Recently, Dr. Rui-Hua Xu’s team dedicated their efforts to construct the big data platform for digestive system cancers. Through integrating the clinical information, imaging data, biobank data and various omics data, they comprehensively constructed the big data for digestive system cancers and systematically analyzed the data by artificial intelligence platform. Based on the cancer big data platform, Xu team performed the real world clinical studies, explored the precise diagnostics, prognostics, and studied the mechanisms of metastasis and drug resistance. The studies yielded a series of findings which were published in distinguished journals such as Nature Materials, Gut, etc.. Recently, Xu team developed the qPhos database for protein phosphorylation dynamics in humans (http://qphos.cancerbio.info). As a part of the cancer big data platform, the establishment of qPhos could provide critical resource for the cancer precision medicine research.

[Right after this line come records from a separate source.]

(* Let $A,B,C$ be agents and $\alpha,\beta,\gamma,\delta\ge0$, $\zeta\in(0,1]$. Use the following notation for interactive processes: $B_C^{\mathrm{dist}}$ is $B$ prompted to act as $C$ and then given the distinguisher prompt with respect to $C$; $C^{\mathrm{dist}}$ is $C$ given the distinguisher prompt; $A_{C}$ is $A$ given the actor prompt to imitate $C$; $B_C$ is $B$ given the actor prompt to imitate $C$; $A_{B,C}$ is $A$ given the actor prompt to imitate $B$ and then receiving (as its first incoming message) the actor prompt to imitate $C$. For a distinguisher process $\Pi$ and interlocutor $Y$ write $\Pr[\Pi\to b\mid Y]$ for the probability that $\Pi$, interacting with $Y$, finally outputs the bit $b$. Assume: (1) $A\geq_\alpha B$ and $B\geq_\beta C$ (GTT comparator). (2) ($\zeta$-Turing-recursivity of $B$ w.r.t. $C$.) In $\mathrm{GTT}(A,B)$ there is an event $R$, independent of the identity of the unknown agent, with $\Pr[R]\ge\zeta$, such that conditioned on $R$ the distinguisher $B$ sends the actor prompt for imitating $C$ and thereafter behaves exactly as $B_C^{\mathrm{dist}}$; thus conditioned on $R$, its output has the law of $B_C^{\mathrm{dist}}$ interacting with $A_{B,C}$ if the unknown agent is $A$, and with $B_C$ if the unknown agent is $B$. (3) (Better than random.) Conditioned on the complement of $R$, $B$ succeeds in $\mathrm{GTT}(A,B)$ with probability at least $1/2$. (4) ($B\geq^{\mathrm{dist,stat}}_\gamma C$, in interactive form.) For every interlocutor $Y$ and $b\in\{0,1\}$, $\bigl|\Pr[B_C^{\mathrm{dist}}\to b\mid Y]-\Pr[C^{\mathrm{dist}}\to b\mid Y]\bigr|\le\gamma$. (5) ($A$ is a reasonably intelligent imitator of $C$.) $\Pr[C^{\mathrm{dist}}\to 0\mid A_C]\le \Pr[C^{\mathrm{dist}}\to 0\mid A_{B,C}]+\delta$. Then $A\geq_\epsilon C$ with $\epsilon=\alpha/\zeta+\beta+\gamma+\delta$.
   Context: GTT $\mathrm{GTT}(X,Y)$: a fresh $Y$ is the distinguisher (given the distinguisher prompt asking whether its interlocutor is a $Y$) and interacts with an unknown agent which with probability $1/2$ is a fresh $Y$ and with probability $1/2$ is a fresh $X$ given the actor prompt to imitate $Y$; the distinguisher outputs $1$ (''same as me'') or $0$ and succeeds if correct. $p(X,Y)=\Pr[Y\text{ succeeds}]$, and the comparator $X\ge_\epsilon Y$ means $p(X,Y)\le\frac12+\epsilon$. In particular $p(A,C)=\frac12\Pr[C^{\mathrm{dist}}\to0\mid A_C]+\frac12\Pr[C^{\mathrm{dist}}\to1\mid C]$, where $C$ as interlocutor means a fresh instance of $C$ (equivalently $C$ imitating itself), and $p(B,C)=\frac12\Pr[C^{\mathrm{dist}}\to0\mid B_C]+\frac12\Pr[C^{\mathrm{dist}}\to1\mid C]$. *)

From Stdlib Require Import Reals Lra.
Open Scope R_scope.

(* An abstract model of agents and interactive processes.
   Outputs of distinguishers are bits: true = 1 ("same as me"), false = 0. *)
Record InteractionModel := {
  Agent : Type;
  Proc : Type;
  (* fresh instance of an agent (= the agent imitating itself) *)
  fresh : Agent -> Proc;
  (* distP Y = Y^dist : Y given the distinguisher prompt w.r.t. Y *)
  distP : Agent -> Proc;
  (* actor X Y = X_Y : X given the actor prompt to imitate Y *)
  actor : Agent -> Agent -> Proc;
  (* actor2 X Y Z = X_{Y,Z} : X prompted to imitate Y, then receiving as
     first incoming message the actor prompt to imitate Z *)
  actor2 : Agent -> Agent -> Agent -> Proc;
  (* actdist B C = B_C^dist : B prompted to act as C, then given the
     distinguisher prompt with respect to C *)
  actdist : Agent -> Agent -> Proc;
  (* Pr Pi Y b = Pr[Pi -> b | Y] *)
  Pr : Proc -> Proc -> bool -> R;
  Pr_nonneg : forall Pi Y b, 0 <= Pr Pi Y b;
  Pr_sum : forall Pi Y, Pr Pi Y false + Pr Pi Y true = 1
}.

Arguments fresh {i}.
Arguments distP {i}.
Arguments actor {i}.
Arguments actor2 {i}.
Arguments actdist {i}.
Arguments Pr {i}.

(* p(X,Y) = success probability of the distinguisher Y in GTT(X,Y). *)
Definition gtt_p (M : InteractionModel) (X Y : Agent M) : R :=
  / 2 * Pr (distP Y) (actor X Y) false + / 2 * Pr (distP Y) (fresh Y) true.

Definition gtt_ge (M : InteractionModel) (eps : R) (X Y : Agent M) : Prop :=
  gtt_p M X Y <= / 2 + eps.

(* Write s(Pi; Y0, Y1) for the success probability of a distinguisher Pi that
   should answer 0 against Y0 and 1 against Y1, so p(X, Y) = s(Y^dist; X_Y, Y).
   These success probabilities are additive along a hybrid chain:
   s(Pi; Y0, Y2) = s(Pi; Y0, Y1) + s(Pi; Y1, Y2) - 1/2.  Chaining
   A_C ~ A_{B,C} ~ B_C ~ C under C^dist, the first link costs delta/2 by (5),
   the last one is p(B, C) <= 1/2 + beta, and the middle one is within gamma of
   the advantage of B_C^dist, which by (2)+(3) is diluted in p(A, B) only by the
   factor Pr[R] >= zeta, hence at most alpha/zeta. *)
From Stdlib Require Import Reals Lra.
Open Scope R_scope.

Definition success (M : InteractionModel) (Pi Y0 Y1 : Proc M) : R :=
  / 2 * Pr Pi Y0 false + / 2 * Pr Pi Y1 true.

Lemma gtt_p_success (M : InteractionModel) (X Y : Agent M) :
  gtt_p M X Y = success M (distP Y) (actor X Y) (fresh Y).
Proof. reflexivity. Qed.

Lemma success_hybrid (M : InteractionModel) (Pi Y0 Y1 Y2 : Proc M) :
  success M Pi Y0 Y2 = success M Pi Y0 Y1 + success M Pi Y1 Y2 - / 2.
Proof. unfold success; pose proof (Pr_sum M Pi Y1); lra. Qed.

Lemma success_le_first (M : InteractionModel) (Pi Y0 Y0' Y1 : Proc M) (delta : R) :
  Pr Pi Y0 false <= Pr Pi Y0' false + delta ->
  success M Pi Y0 Y1 <= success M Pi Y0' Y1 + delta / 2.
Proof. unfold success; lra. Qed.

Lemma success_close (M : InteractionModel) (Pi Pi' Y0 Y1 : Proc M) (gamma : R) :
  (forall (Y : Proc M) (b : bool), Rabs (Pr Pi Y b - Pr Pi' Y b) <= gamma) ->
  success M Pi' Y0 Y1 <= success M Pi Y0 Y1 + gamma.
Proof.
  intros hclose; unfold success.
  pose proof (hclose Y0 false) as h0; pose proof (hclose Y1 true) as h1.
  rewrite Rabs_minus_sym in h0, h1.
  pose proof (Rle_abs (Pr Pi' Y0 false - Pr Pi Y0 false)).
  pose proof (Rle_abs (Pr Pi' Y1 true - Pr Pi Y1 true)).
  lra.
Qed.

Lemma le_div_of_weighted_le (r zeta x alpha : R) :
  0 < zeta <= r -> 0 <= alpha -> r * x <= alpha -> x <= alpha / zeta.
Proof.
  intros [hzeta hr] halpha hrx.
  apply Rmult_le_reg_l with zeta; [lra |].
  replace (zeta * (alpha / zeta)) with alpha by (field; lra).
  destruct (Rle_dec x 0) as [hx | hx].
  - pose proof (Rmult_le_compat_l zeta x 0); nra.
  - pose proof (Rmult_le_compat_r x zeta r); nra.
Qed.

Lemma mixture_advantage_le (p x r q alpha : R) :
  r <= 1 -> / 2 <= q -> p = r * x + (1 - r) * q -> p <= / 2 + alpha ->
  r * (x - / 2) <= alpha.
Proof. intros hr hq hp hpa; nra. Qed.

Theorem mainTheorem4 (M : InteractionModel) (A B C : Agent M)
  (alpha beta gamma delta zeta : R)
  (halpha : 0 <= alpha) (hbeta : 0 <= beta) (hgamma : 0 <= gamma)
  (hdelta : 0 <= delta) (hzeta : 0 < zeta <= 1)
  (h1AB : gtt_ge M alpha A B) (h1BC : gtt_ge M beta B C)
  (h23 : exists r q : R, zeta <= r <= 1 /\ / 2 <= q <= 1 /\
     gtt_p M A B =
       r * (/ 2 * Pr (actdist B C) (actor2 A B C) false
            + / 2 * Pr (actdist B C) (actor B C) true)
       + (1 - r) * q)
  (h4 : forall (Y : Proc M) (b : bool),
     Rabs (Pr (actdist B C) Y b - Pr (distP C) Y b) <= gamma)
  (h5 : Pr (distP C) (actor A C) false
        <= Pr (distP C) (actor2 A B C) false + delta) :
  gtt_ge M (alpha / zeta + beta + gamma + delta) A C.
Proof.
  destruct h23 as [r [q [[hzr hr1] [[hq _] hp]]]].
  fold (success M (actdist B C) (actor2 A B C) (actor B C)) in hp.
  assert (hBdist : success M (actdist B C) (actor2 A B C) (actor B C) - / 2
                   <= alpha / zeta).
  { apply le_div_of_weighted_le with r; [lra | exact halpha |].
    exact (mixture_advantage_le _ _ _ _ _ hr1 hq hp h1AB). }
  assert (hCdist := success_close M (actdist B C) (distP C)
                      (actor2 A B C) (actor B C) gamma h4).
  assert (hfirst := success_le_first M (distP C) (actor A C) (actor2 A B C)
                      (fresh C) delta h5).
  unfold gtt_ge in *; rewrite gtt_p_success in *.
  rewrite (success_hybrid M (distP C) (actor2 A B C) (actor B C)) in hfirst.
  lra.
Qed.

As one of the most important post-translational modifications (PTMs), protein phosphorylation is involved in almost all biological processes and plays physiological and pathologicalroles in cancers and diseases. Phosphorylation is reversibly catalysed by kinases and phosphatases, which are popular research areas for the development of target therapies. Recently, the advancement of high-throughput proteomics techniques greatly promoted the profiling and quantification of the phosphoproteome in various cells and tissues under different conditions. Several pioneering studies have contributed to constructing resources to host phosphorylation-related data, the database for the quantification of phosphorylation is still absent. Since the quantification/stoichiometry/dynamics of phosphorylation are critical for the molecular mechanisms under different temporal and spatial contexts, a comprehensive resource for protein phosphorylation quantificationcould facilitate the reuse of published quantitative phosphoproteome datasets and provide great help for phosphorylation-related studies.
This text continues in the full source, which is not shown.